CHAI launched earlier this year as an initiative for health systems, organizations, AI and data science experts, and other healthcare stakeholders to advance AI in healthcare while addressing health equity and bias, according to the press release. The coalition serves to identify where standards, best practices, and guidance need to be developed for AI-related research, technology, and policy.

“Application of AI brings a tremendous benefit for patient care, but so is its potential to exacerbate inequity in healthcare,” said John Halamka, MD, president of Mayo Clinic Platform and cofounder of the coalition, in the press release. “The guidelines for ethical use of an AI solution cannot be an afterthought. Our coalition experts share commitment to ensure patient-centered and stakeholder-informed guidelines can achieve equitable outcomes for all populations.”

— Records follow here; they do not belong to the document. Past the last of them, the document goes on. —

Lemma dev_sup_lim_diagonal H T : 0 < H < 1 -> H <> / 2 -> 0 < T ->
  exists L, L > 0 /\ sup_lim_right (dev_set H T (fun h => h)) L.
Proof.
  intros HH Hhalf HT.
  assert (Ha : 0 < 2 * H < 2) by lra.
  assert (Ha1 : 2 * H <> 1) by (intro; apply Hhalf; lra).
  set (P := fun z => exists y, 0 <= y /\ z = dev_profile (2 * H) y).
  destruct (completeness P) as [L HL].
  { destruct (dev_profile_bounded _ Ha) as [M HM].
    exists M; intros z [y [Hy ->]]; auto. }
  { exists (dev_profile (2 * H) 0), 0; split; [lra | reflexivity]. }
  assert (dev_profile (2 * H) 1 <= L)
    by (apply HL; exists 1; split; [lra | reflexivity]).
  exists L; split; [pose proof (dev_profile_1_pos _ Ha Ha1); lra|].
  apply sup_lim_right_intro; intros eps Heps.
  destruct (is_lub_approx P L eps HL Heps) as [z1 [[y1 [Hy1 ->]] Hz1]].
  exists (2 * T / (y1 + 4)); split; [apply Rdiv_lt_0_compat; lra|].
  intros h [Hh Hhd].
  assert (h * (y1 + 4) < 2 * T).
  { apply (Rmult_lt_compat_r (y1 + 4)) in Hhd; [|lra].
    unfold Rdiv in Hhd; rewrite Rmult_assoc, Rinv_l in Hhd; lra. }
  split.
  - (* [t = h (y1 + 2) / 2] is the point where the rescaled variable equals [y1] *)
    exists (dev H (h * (y1 + 2) / 2) h); split.
    + exists (h * (y1 + 2) / 2); repeat split; nra.
    + rewrite dev_scale by nra.
      replace (2 * (h * (y1 + 2) / 2 / h) - 2) with y1 by (field; lra). exact Hz1.
  - intros z Ez.
    destruct (dev_set_profile H T (fun h => h) h z Hh (Rle_refl h) Ez) as [y [Hy ->]].
    replace (2 * (h / h) - 2) with 0 in Hy by (field; lra).
    assert (dev_profile (2 * H) y <= L) by (apply HL; exists y; auto).
    lra.
Qed.

Lemma dev_sup_lim_Psi H T phi : 0 < H < 1 -> 0 < T -> in_Psi T phi ->
  sup_lim_right (dev_set H T phi) 0.
Proof.
  intros HH HT [_ [_ [Phi0 [PhiL _]]]].
  apply sup_lim_right_intro; intros eps Heps.
  destruct (dev_profile_vanishing (2 * H) ltac:(lra) eps Heps) as [Y [HY1 HY]].
  destruct (PhiL (Y / 2 + 1)) as [d [Hd Hd']].
  destruct (Phi0 (T / 2)) as [al [Hal Hal']]; [lra|].
  exists (Rmin d (Rmin al (T / 2))); split; [repeat apply Rmin_pos; lra|].
  intros h [Hh Hhd].
  assert (Hmin := Rmin_l d (Rmin al (T / 2))).
  assert (Hmin' := Rmin_r d (Rmin al (T / 2))).
  assert (Hal1 := Rmin_l al (T / 2)). assert (Hal2 := Rmin_r al (T / 2)).
  assert (Hratio : phi h / h > Y / 2 + 1) by (apply Hd'; lra).
  assert (Hsmall : Rabs (phi h - 0) < T / 2).
  { apply Hal'; split; [lra|].
    unfold dist; cbn; unfold R_dist. rewrite Rminus_0_r, Rabs_pos_eq; lra. }
  rewrite Rminus_0_r in Hsmall. apply Rabs_def2 in Hsmall.
  assert (Hlo : h <= phi h).
  { apply (Rmult_le_reg_r (/ h)); [apply Rinv_0_lt_compat; lra|].
    rewrite Rinv_r by lra. fold (phi h / h). lra. }
  split.
  - exists (dev H (phi h) h); split.
    + exists (phi h); repeat split; lra.
    + pose proof (dev_profile_ge0 (2 * H) (2 * (phi h / h) - 2)).
      rewrite dev_scale by lra. lra.
  - intros z Ez.
    destruct (dev_set_profile H T phi h z Hh Hlo Ez) as [y [Hy ->]].
    assert (dev_profile (2 * H) y <= eps) by (apply HY; lra).
    lra.
Qed.

Theorem mainTheorem12 (H T : R) (HH : 0 < H < 1) (Hhalf : H <> / 2) (HT : 0 < T) :
  (exists L, L > 0 /\ sup_lim_right (dev_set H T (fun h => h)) L) /\
  (forall phi, in_Psi T phi -> sup_lim_right (dev_set H T phi) 0).
Proof.
  split.
  - exact (dev_sup_lim_diagonal H T HH Hhalf HT).
  - intros phi Hphi. exact (dev_sup_lim_Psi H T phi HH HT Hphi).
Qed.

CHAI’s membership currently includes Change Healthcare, Duke AI Health, Google, Johns Hopkins University, Mayo Clinic, Microsoft, MITRE, Stanford Medicine, University of California (UC) Berkeley, and UC San Francisco.

Earlier this year, the coalition hosted a two-day workshop consisting of presentations, group discussions, and breakout sessions on the topics of Health Equity by Design; Bias and Fairness Processes and Metrics; and Impacting Marginalized Groups: Mitigation Strategies for Data, Model, and Application Bias. CHAI summarized these in a topic paper published for public input.

The second round of workshops in CHAI’s Bias, Equity, and Fairness series focused on Testability, Usability, and Safety; Transparency; and Reliability and Monitoring. The associated topic paper is available now. CHAI is calling for public feedback on it until October 14. The coalition will convene in mid-October to review the feedback and finalize its responsible AI in healthcare framework. CHAI aims to share its recommendations by the end of the year.

These announcements come a week after the White House unveiled its Blueprint for an AI Bill of Rights, which identifies five guidelines for the design, use, and deployment of automated and AI-based tools to protect Americans from harm as the use of these technologies continues to grow in multiple industries, including healthcare.

“It is inspiring to see the commitment of the White House and U.S. Department of Health and Human Services towards instilling ethical standards in AI,” Halamka noted. “As a coalition we share many of the same goals, including the removal of bias in health-focused algorithms, and look forward to offering our support and expertise as the policy process advances.”